■ GIVEN RECORDS:
(* Let $K\subseteq\mathbb{R}^n$ be a closed convex set of dimension at least $2$, and let $O\in\partial K$. Then $\mathrm{CR}(O)\geq \mathrm{LCD}(O)$.
   Context: For $r>0$, $S_r(O)\subseteq\mathbb{R}^n$ denotes the Euclidean sphere of radius $r$ centered at $O$. The connectivity radius $\mathrm{CR}(O)$ is the supremum of all $\epsilon$ such that for every $0<r<\epsilon$ the intersection $S_r(O)\cap K$ is connected. A point $P\in\partial K\setminus\{O\}$ is called $O$-critical if $\langle O-P, X-P\rangle\geq 0$ for all $X\in K$ (equivalently, the affine hyperplane through $P$ orthogonal to the segment $OP$ is a supporting hyperplane of $K$). The least critical distance $\mathrm{LCD}(O)$ is the infimum of $|OP|$ over all $O$-critical points $P\in\partial K$. *)

From HB Require Import structures.
From mathcomp Require Import all_boot all_order all_algebra.
From mathcomp Require Import all_classical all_reals all_analysis.
Set Implicit Arguments. Unset Strict Implicit. Unset Printing Implicit Defensive.
Import Order.TTheory GRing.Theory Num.Theory.
Import numFieldNormedType.Exports.
Local Open Scope classical_set_scope.
Local Open Scope ring_scope.

(* Points of R^n are row vectors 'rV[R]_n; the topology on 'rV[R]_n is the
   product topology (= Euclidean topology). Distances are Euclidean. *)

Section Defs.
Variables (R : realType) (n : nat).
Implicit Types (x y O P X : 'rV[R]_n) (K : set 'rV[R]_n).

Definition dotp x y : R := \sum_(i < n) x 0 i * y 0 i.
Definition enorm x : R := Num.sqrt (dotp x x).

Definition esphere O (r : R) : set 'rV[R]_n := [set x | enorm (x - O) = r].

Definition is_convex K : Prop :=
  forall x y t, K x -> K y -> 0 <= t <= 1 -> K (t *: x + (1 - t) *: y).

Definition bnd K : set 'rV[R]_n := closure K `\` interior K.

Definition affdim_ge2 K : Prop :=
  exists (m : nat) (p0 : 'rV[R]_n) (p : 'I_m -> 'rV[R]_n),
    K p0 /\ (forall i, K (p i)) /\ (2 <= \rank (\matrix_(i < m) (p i - p0)))%N.

Definition CR K O : \bar R :=
  ereal_sup [set e%:E | e in [set e : R | forall r : R, 0 < r -> r < e ->
                          connected (esphere O r `&` K)]].

Definition critical K O P : Prop :=
  bnd K P /\ P != O /\ forall X, K X -> 0 <= dotp (O - P) (X - P).

Definition LCD K O : \bar R :=
  ereal_inf [set (enorm (P - O))%:E | P in critical K O].

End Defs.

From mathcomp Require Import all_boot all_order all_algebra.
From mathcomp Require Import all_classical all_reals all_analysis.
From mathcomp Require Import ring lra.
Import numFieldNormedType.Exports.
Local Open Scope classical_set_scope.
Local Open Scope ring_scope.
Set Implicit Arguments. Unset Strict Implicit. Unset Printing Implicit Defensive.
Import Order.TTheory GRing.Theory Num.Theory.

(* Translate O to the origin.  If r < LCD(O), no y in K with 0 < |y| <= r is
   critical, i.e. y is not the point of K nearest to 2y; hence the map
   y |-> proj_K (2y) strictly increases |y| there, and the segment from y to its
   image stays outside the open ball of radius |y|.  By compactness, finitely
   many iterations push K minus a small ball around 0 outside the ball of
   radius r, along paths that never move closer to the origin.  As dim K >= 2,
   K contains two non-parallel points a, b, and every x in S_r(0) /\ K is joined
   to a or b by a segment avoiding a small ball around 0.  Pushing these
   segments out and projecting radially back onto S_r(0) links every point of
   S_r(0) /\ K to one common point. *)

Section Euclidean.
Variables (R : realType) (n : nat).
Implicit Types (x y z : 'rV[R]_n) (a : R).
Local Notation dot := (@dotp R n).
Local Notation nm := (@enorm R n).

Lemma dotpC x y : dot x y = dot y x.
Proof. by apply: eq_bigr => i _; rewrite mulrC. Qed.

Lemma dotpDl x y z : dot (x + y) z = dot x z + dot y z.
Proof. by rewrite /dotp -big_split; apply: eq_bigr => i _; rewrite mxE mulrDl. Qed.

Lemma dotpDr x y z : dot z (x + y) = dot z x + dot z y.
Proof. by rewrite dotpC dotpDl !(dotpC z). Qed.

Lemma dotpZl a x y : dot (a *: x) y = a * dot x y.
Proof. by rewrite /dotp mulr_sumr; apply: eq_bigr => i _; rewrite mxE mulrA. Qed.

Lemma dotpZr a x y : dot x (a *: y) = a * dot x y.
Proof. by rewrite dotpC dotpZl dotpC. Qed.

Lemma dotpNl x y : dot (- x) y = - dot x y.
Proof. by rewrite -scaleN1r dotpZl mulN1r. Qed.

Lemma dotpNr x y : dot x (- y) = - dot x y.
Proof. by rewrite dotpC dotpNl dotpC. Qed.

Lemma dotpBl x y z : dot (x - y) z = dot x z - dot y z.
Proof. by rewrite dotpDl dotpNl. Qed.

Lemma dotpBr x y z : dot z (x - y) = dot z x - dot z y.
Proof. by rewrite dotpDr dotpNr. Qed.
Arguments up_eq {L I} B D f g.
Arguments up_car {L I} B D.
Arguments up_cst {L I} B D c.
Arguments up_op {L I} B D F args.

(** The operations of L(Lambda) are given by the
    defining clauses of the paper: c^{L(Lambda)} = <x,i> whenever [x = c] is a
    conjunct of phi_i, and F(<x_1,i_1>,...,<x_n,i_n>) = <x_j,j> whenever
    j >= i_1..i_n and phi_j contains F(gamma_{i_1 j} x_1, ...) = x_j. *)
Definition lim_embedding {L : language} (Lam : direct_system L)
  (B : ds_I Lam -> algebra L) (D : (ds_I Lam -> Prop) -> Prop)
  (h : lim_car Lam -> up_car B D) : Prop :=
  (forall a b, h a = h b -> a = b) /\
  (forall (c : lcst L) i (x : ds_X Lam i),
     conjunct (lpos (tvar x) (tcst c)) (ds_phi Lam i) ->
     h (lim_class x) = up_cst B D c) /\
  (forall (F : lop L) (j : ds_I Lam) (idx : 'I_(lar F) -> ds_I Lam)
          (xs : forall k, ds_X Lam (idx k)) (xj : ds_X Lam j),
     (forall k, ds_le Lam (idx k) j) ->
     conjunct (lpos (tapp F (fun k => tvar (ds_gamma Lam (xs k)))) (tvar xj))
              (ds_phi Lam j) ->
     h (lim_class xj) = up_op B D F (fun k => h (lim_class (xs k)))).
Arguments lim_embedding {L} Lam B D h.

From mathcomp Require Import all_boot.
From mathcomp Require Import boolp classical_sets filter.
From Stdlib Require Import ProofIrrelevance Classical.

(* Fix realizations s_i of phi_i in B_i and an ultrafilter D containing every
   cone {l | i <= l}; the cones have the finite intersection property because
   I is directed.  Send <x,i> to the class of the thread (s_l (gamma_il x))_l.
   On the cone above i, phi_l contains the gamma_il-images of the conjuncts of
   phi_i, so every equation or inequation of the limit algebra holds in B_l
   for D-almost all l, hence in the ultraproduct: the map is well defined,
   injective and preserves constants and operations. *)

Section Ultrafilter.
Context {I : Type} {D : (I -> Prop) -> Prop} (HD : ultrafilter D).

Lemma ultrafilterT : D (fun _ => True).
Proof. by case: HD. Qed.

Lemma ultrafilter_neq0 : ~ D (fun _ => False).
Proof. by case: HD => _ []. Qed.

Lemma ultrafilterS {P Q : I -> Prop} : D P -> (forall i, P i -> Q i) -> D Q.
Proof. by move=> DP PQ; case: HD => _ [_ [mono _]]; apply: mono DP. Qed.
(* Coordinates are numbered by first appearance along x1, x2, y1, y2 (see
   [exists_relabel]), whence the bounds; the check covers 576 configurations. *)
Lemma grid6_unresolving (i2 j2 i3 j3 i4 j4 : nat) :
  i2 < 2 -> j2 < 2 -> i3 < 3 -> j3 < 3 -> i4 < 4 -> j4 < 4 ->
  dense_on (iota 0 6) (iota 0 6) (unresolving (0, 0) (i2, j2) (i3, j3) (i4, j4)) ->
  [:: (0, 0); (i2, j2)] =i [:: (i3, j3); (i4, j4)].
Proof.
move=> i2_2 j2_2 i3_3 j3_3 i4_4 j4_4 dense.
pose square k := [seq (i, j) | i <- iota 0 k, j <- iota 0 k].
have square_ij k i j : i < k -> j < k -> (i, j) \in square k.
  by move=> ik jk; rewrite allpairs_f ?mem_iota.
have check : all (fun x2 => all (fun y1 => all (fun y2 =>
    dense_on (iota 0 6) (iota 0 6) (unresolving (0, 0) x2 y1 y2) ==>
    all (fun z => z \in [:: y1; y2]) [:: (0, 0); x2] &&
    all (fun z => z \in [:: (0, 0); x2]) [:: y1; y2])
  (square 4)) (square 3)) (square 2) by vm_compute.
move/allP/(_ _ (square_ij 2 _ _ i2_2 j2_2))/allP/(_ _ (square_ij 3 _ _ i3_3 j3_3)): check.
move/allP/(_ _ (square_ij 4 _ _ i4_4 j4_4)); rewrite dense => /andP[/allP sub /allP sup] z.
by apply/idP/idP => [/sub|/sup].
Qed.

Lemma dense_unresolving_eq (A B : finType) (x1 x2 y1 y2 : A * B) :
  6 <= #|A| -> 6 <= #|B| ->
  dense_on (enum A) (enum B) (unresolving x1 x2 y1 y2) -> [set x1; x2] = [set y1; y2].
Proof.
move=> A6 B6 dense.
set cs := [:: x1.1; x2.1; y1.1; y2.1]; set rs := [:: x1.2; x2.2; y1.2; y2.2].
have [s [us s6 cs_s s_cs s_idx]] := @exists_relabel _ cs 6 A6.
have [t [ut t6 rs_t t_rs t_idx]] := @exists_relabel _ rs 6 B6.
have dense_st : dense_on s t (unresolving x1 x2 y1 y2).
  apply: dense_on_sub cs_s s_cs rs_t t_rs _ _ dense.
    exact: unresolving_fst.
  exact: unresolving_snd.
have x1_00 : index2 s t x1 = (0, 0).
  move: (s_idx 1 x1.1) (t_idx 1 x1.2); rewrite /index2 !inE !eqxx !ltnS !leqn0.
  by move=> /(_ isT)/eqP -> /(_ isT)/eqP ->.
have dense6 := dense_on_index2 us ut cs_s rs_t dense_st.
rewrite s6 t6 x1_00 in dense6.
have eq_idx : [:: index2 s t x1; index2 s t x2] =i [:: index2 s t y1; index2 s t y2].
  rewrite x1_00; apply: grid6_unresolving dense6;
    by (apply: s_idx || apply: t_idx); rewrite !inE eqxx ?orbT.
move/(eq_mem_map (fun p => (nth x1.1 s p.1, nth x1.2 t p.2))): eq_idx.
rewrite /= !nth_index ?cs_s ?rs_t ?inE ?eqxx ?orbT // => eq_xy.
by apply/setP => z; move: (eq_xy z); rewrite !inE.
Qed.

Section Grid.
Variables (m n : nat) (S : {set vtx m n}).
(* Let $\gamma\in\mathcal{M}_k\otimes\mathcal{M}_m$ be a state and $W\in\mathcal{M}_k$ an orthogonal projection. Then $F_\gamma\circ G_\gamma(W\mathcal{M}_kW)\subseteq W\mathcal{M}_kW$ if and only if there is an orthogonal projection $V\in\mathcal{M}_m$ such that $\mathrm{tr}(\gamma(W\otimes V^\perp))=\mathrm{tr}(\gamma(W^\perp\otimes V))=0$.
   Context: $\mathcal{M}_k$ denotes the complex $k\times k$ matrices, and $\mathcal{M}_k\otimes\mathcal{M}_m$ is identified with $\mathcal{M}_{km}$ via the Kronecker product. A state is a positive semidefinite Hermitian matrix (not necessarily of trace one). For an orthogonal projection $W$, $W^\perp=\mathrm{Id}-W$, and $W\mathcal{M}_kW=\{WXW:X\in\mathcal{M}_k\}$. For $\gamma=\sum_{i=1}^n A_i\otimes B_i\in\mathcal{M}_k\otimes\mathcal{M}_m$ define $G_\gamma:\mathcal{M}_k\to\mathcal{M}_m$, $G_\gamma(X)=\sum_i\mathrm{tr}(A_iX)B_i$, and $F_\gamma:\mathcal{M}_m\to\mathcal{M}_k$, $F_\gamma(Y)=\sum_i\mathrm{tr}(B_iY)A_i$ (independent of the chosen decomposition). *)

From HB Require Import structures.
From mathcomp Require Import all_boot all_order all_algebra.
From mathcomp Require Import complex mxtens.
From mathcomp Require Import reals.
Set Implicit Arguments. Unset Strict Implicit. Unset Printing Implicit Defensive.
Import Order.TTheory GRing.Theory Num.Theory.
Local Open Scope ring_scope.

Section Defs.
Variable C : numClosedFieldType.

Definition adjmx {p q} (A : 'M[C]_(p, q)) : 'M[C]_(q, p) :=
  \matrix_(i, j) (A j i)^*.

■ TASK GOAL: The response must contain each line above that holds the string "partial".

■ REPLY TO THE EXERCISE:
(* Let $K\subseteq\mathbb{R}^n$ be a closed convex set of dimension at least $2$, and let $O\in\partial K$. Then $\mathrm{CR}(O)\geq \mathrm{LCD}(O)$.
   Context: For $r>0$, $S_r(O)\subseteq\mathbb{R}^n$ denotes the Euclidean sphere of radius $r$ centered at $O$. The connectivity radius $\mathrm{CR}(O)$ is the supremum of all $\epsilon$ such that for every $0<r<\epsilon$ the intersection $S_r(O)\cap K$ is connected. A point $P\in\partial K\setminus\{O\}$ is called $O$-critical if $\langle O-P, X-P\rangle\geq 0$ for all $X\in K$ (equivalently, the affine hyperplane through $P$ orthogonal to the segment $OP$ is a supporting hyperplane of $K$). The least critical distance $\mathrm{LCD}(O)$ is the infimum of $|OP|$ over all $O$-critical points $P\in\partial K$. *)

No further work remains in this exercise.